▸ **WORK INSTRUCTIONS**: In the listing below, the answer starts at the line that has "cpow 1 t)%C = 0." and stops after the line that has "Lemma haar_psi_csum_cpow1 r"; please repeat that part exactly and nothing more.

Content starts

Lemma haar_phi_transform r l p x : (l < r)%nat -> (p < 2 ^ l)%nat ->
  (2 - 2 * cos x) * cnorm2 (csum (2 ^ r) (fun t => haar_phi r l p t * cpow (cexpi x) t)%C)
  = 2 ^ l / 2 ^ r * (2 - 2 * cos (x * INR (2 ^ (r - S l)))) ^ 2.
Proof.
  intros Hl Hp. rewrite (haar_phi_csum r l p _ Hl Hp).
  set (s := (p * 2 ^ (r - l))%nat). set (h := (2 ^ (r - S l))%nat).
  set (a := sqrt (2 ^ l / 2 ^ r)). set (z := cexpi x).
  assert (Ha : a ^ 2 = 2 ^ l / 2 ^ r).
  { unfold a. rewrite <- Rsqr_pow2, Rsqr_sqrt; [reflexivity|].
    pose proof (pow2_gt0 l). pose proof (pow2_gt0 r).
    apply Rlt_le, Rdiv_lt_0_compat; assumption. }
  assert (E : ((1 - z) * (a * (rsum s h (cpow z) - rsum (s + h) h (cpow z))))%C
            = (a * (cpow z s * ((1 - cpow z h) * (1 - cpow z h))))%C).
  { transitivity (a * ((1 - z) * rsum s h (cpow z) - (1 - z) * rsum (s + h) h (cpow z)))%C;
      [ring|].
    rewrite !geometric_rsum, !cpowD. ring. }
  rewrite <- cnorm2_1_sub_cexpi, <- cnorm2M. fold z. rewrite E, !cnorm2M, cnorm2_RtoC, Ha.
  unfold z. rewrite <- !cexpi_mul_nat, cnorm2_cexpi, cnorm2_1_sub_cexpi. ring.
Qed.

Lemma haar_phi_csum_cpow1 r l p : (l < r)%nat -> (p < 2 ^ l)%nat ->
  csum (2 ^ r) (fun t => haar_phi r l p t * cpow 1 t)%C = 0.
Proof.
  intros Hl Hp. rewrite (haar_phi_csum r l p _ Hl Hp).
  rewrite !(eq_rsum _ _ (cpow 1) (fun _ => 1)) by (intros; apply cpow1n).
  rewrite !rsum_const. ring.
Qed.

Lemma haar_psi_transform r x :
  (2 - 2 * cos x) * cnorm2 (csum (2 ^ r) (fun t => haar_psi r t * cpow (cexpi x) t)%C)
  = (2 - 2 * cos (x * INR (2 ^ r))) / 2 ^ r.
Proof.
  unfold haar_psi. rewrite csum_rsum, (rsum_scal 0 _ _ (cpow (cexpi x))).
  rewrite <- cnorm2_1_sub_cexpi, <- cnorm2M.
  replace ((1 - cexpi x) * ((/ sqrt (2 ^ r))%R * rsum 0 (2 ^ r) (cpow (cexpi x))))%C
    with ((/ sqrt (2 ^ r))%R * ((1 - cexpi x) * rsum 0 (2 ^ r) (cpow (cexpi x))))%C by ring.
  rewrite geometric_rsum, cnorm2M, cnorm2_sqrt_inv_pow2, Nat.add_0_l.
  change (cpow (cexpi x) 0) with (RtoC 1).
  rewrite <- cexpi_mul_nat, cnorm2_1_sub_cexpi. unfold Rdiv. ring.
Qed.

Lemma haar_psi_csum_cpow1 r :
  cnorm2 (csum (2 ^ r) (fun t => haar_psi r t * cpow 1 t)%C) = 2 ^ r.
Proof.
  unfold haar_psi. rewrite csum_rsum.
  rewrite (eq_rsum _ _ _ (fun _ => RtoC (/ sqrt (2 ^ r)))) by (intros; rewrite cpow1n; ring).
  rewrite rsum_const, cnorm2M, cnorm2_sqrt_inv_pow2, cnorm2_RtoC, INR_pow2.
  pose proof (pow2_gt0 r). field. lra.
Qed.

Lemma freq0 r : freq r 0 = 0.
Proof. unfold freq. rewrite Rmult_0_r. apply Rdiv_0_l. Qed.

Lemma freq_mul_half_block r l w : (l < r)%nat ->
  freq r w * INR (2 ^ (r - S l)) = PI * IZR w / 2 ^ l.
Proof.
  intros Hl. unfold freq. rewrite INR_pow2.
  replace r with (S l + (r - S l))%nat at 1 by lia. rewrite pow_add.
  pose proof (pow2_gt0 l). pose proof (pow2_gt0 (r - S l)). simpl. field. lra.
Qed.

Lemma Rabs_freq_le_PI r j w : (j < r)%nat -> Rabs (IZR w) <= 2 ^ j -> Rabs (freq r w) <= PI.
Proof.
  intros Hj Hw. pose proof PI_RGT_0. pose proof (pow2_gt0 r).
  assert (Hjr : 2 * 2 ^ j <= 2 ^ r) by (apply (Rle_pow 2 (S j)); [lra|lia]).
  unfold freq, Rdiv. rewrite !Rabs_mult, Rabs_inv, (Rabs_right 2), (Rabs_right PI),
    (Rabs_right (2 ^ r)) by lra.
  apply (Rmult_le_reg_r (2 ^ r)); [lra|]. field_simplify; [nra|lra].
Qed.

Lemma cos_2PI_IZR k : cos (2 * PI * IZR k) = 1.
Proof.
  assert (Hnat : forall m, cos (2 * PI * INR m) = 1).
  { intros m. replace (2 * PI * INR m) with (0 + 2 * INR m * PI) by ring.
    rewrite cos_period. apply cos_0. }
  destruct (Z_le_gt_dec 0 k).
  - rewrite <- (Z2Nat.id k), <- INR_IZR_INZ by lia. apply Hnat.
  - replace k with (- Z.of_nat (Z.to_nat (- k)))%Z by lia.
    rewrite opp_IZR, <- INR_IZR_INZ, Ropp_mult_distr_r_reverse, cos_neg. apply Hnat.
Qed.

Lemma dft_haar_phi_identity r l p w : (l < r)%nat -> (p < 2 ^ l)%nat ->
  (2 - 2 * cos (freq r w)) * cnorm2 (dft r (haar_phi r l p) w) =
  2 ^ l / (2 ^ r) ^ 2 * (2 - 2 * cos (PI * IZR w / 2 ^ l)) ^ 2.
Proof.
  intros Hl Hp. pose proof (pow2_gt0 r).
  rewrite cnorm2_dft, Rmult_div_assoc, (haar_phi_transform r l p _ Hl Hp),
    (freq_mul_half_block r l w Hl).
  field. lra.
Qed.

Lemma cnorm2_dft_haar_phi0 r l p : (l < r)%nat -> (p < 2 ^ l)%nat ->
  cnorm2 (dft r (haar_phi r l p) 0) = 0.
Proof.
  intros Hl Hp. rewrite cnorm2_dft, freq0, cexpi0, (haar_phi_csum_cpow1 r l p Hl Hp),
    cnorm2_RtoC.
  unfold Rdiv. ring.
Qed.

Lemma cnorm2_dft_haar_psi0 r : cnorm2 (dft r (haar_psi r) 0) = 1.
Proof.
  rewrite cnorm2_dft, freq0, cexpi0, haar_psi_csum_cpow1.
  pose proof (pow2_gt0 r). field. lra.
Qed.

(* [1 - e^{i x}] vanishes only at multiples of [2 PI], while [e^{i x 2^r} = 1]. *)
Lemma cnorm2_dft_haar_psi r w : w <> 0%Z -> Rabs (freq r w) <= PI ->
  cnorm2 (dft r (haar_psi r) w) = 0.
Proof.
  intros Hw Hfreq. pose proof (pow2_gt0 r).
  assert (Hx : freq r w <> 0).
  { unfold freq. pose proof PI_RGT_0. apply not_0_IZR in Hw.
    unfold Rdiv. apply Rmult_integral_contrapositive; split; [|apply Rinv_neq_0_compat; lra].
    apply Rmult_integral_contrapositive; split; lra. }
  assert (HW : 0 < 2 - 2 * cos (freq r w)).
  { eapply Rlt_le_trans; [|apply two_sub_two_cos_ge_sqr; exact Hfreq].
    pose proof (pow2_gt0 1). apply Rdiv_lt_0_compat; [|lra]. nra. }
  pose proof (haar_psi_transform r (freq r w)) as E.
  replace (freq r w * INR (2 ^ r)) with (2 * PI * IZR w) in E
    by (unfold freq; rewrite INR_pow2; field; lra).
  rewrite cos_2PI_IZR in E. replace ((2 - 2 * 1) / 2 ^ r) with 0 in E by (field; lra).
  apply Rmult_integral in E. destruct E as [E|E]; [lra|].
  rewrite cnorm2_dft, E. apply Rdiv_0_l.
Qed.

Content ends

▸ **TASK OUTPUT**:
  csum (2 ^ r) (fun t => haar_phi r l p t * cpow 1 t)%C = 0.
Proof.
  intros Hl Hp. rewrite (haar_phi_csum r l p _ Hl Hp).
  rewrite !(eq_rsum _ _ (cpow 1) (fun _ => 1)) by (intros; apply cpow1n).
  rewrite !rsum_const. ring.
Qed.

Lemma haar_psi_transform r x :
  (2 - 2 * cos x) * cnorm2 (csum (2 ^ r) (fun t => haar_psi r t * cpow (cexpi x) t)%C)
  = (2 - 2 * cos (x * INR (2 ^ r))) / 2 ^ r.
Proof.
  unfold haar_psi. rewrite csum_rsum, (rsum_scal 0 _ _ (cpow (cexpi x))).
  rewrite <- cnorm2_1_sub_cexpi, <- cnorm2M.
  replace ((1 - cexpi x) * ((/ sqrt (2 ^ r))%R * rsum 0 (2 ^ r) (cpow (cexpi x))))%C
    with ((/ sqrt (2 ^ r))%R * ((1 - cexpi x) * rsum 0 (2 ^ r) (cpow (cexpi x))))%C by ring.
  rewrite geometric_rsum, cnorm2M, cnorm2_sqrt_inv_pow2, Nat.add_0_l.
  change (cpow (cexpi x) 0) with (RtoC 1).
  rewrite <- cexpi_mul_nat, cnorm2_1_sub_cexpi. unfold Rdiv. ring.
Qed.

Lemma haar_psi_csum_cpow1 r :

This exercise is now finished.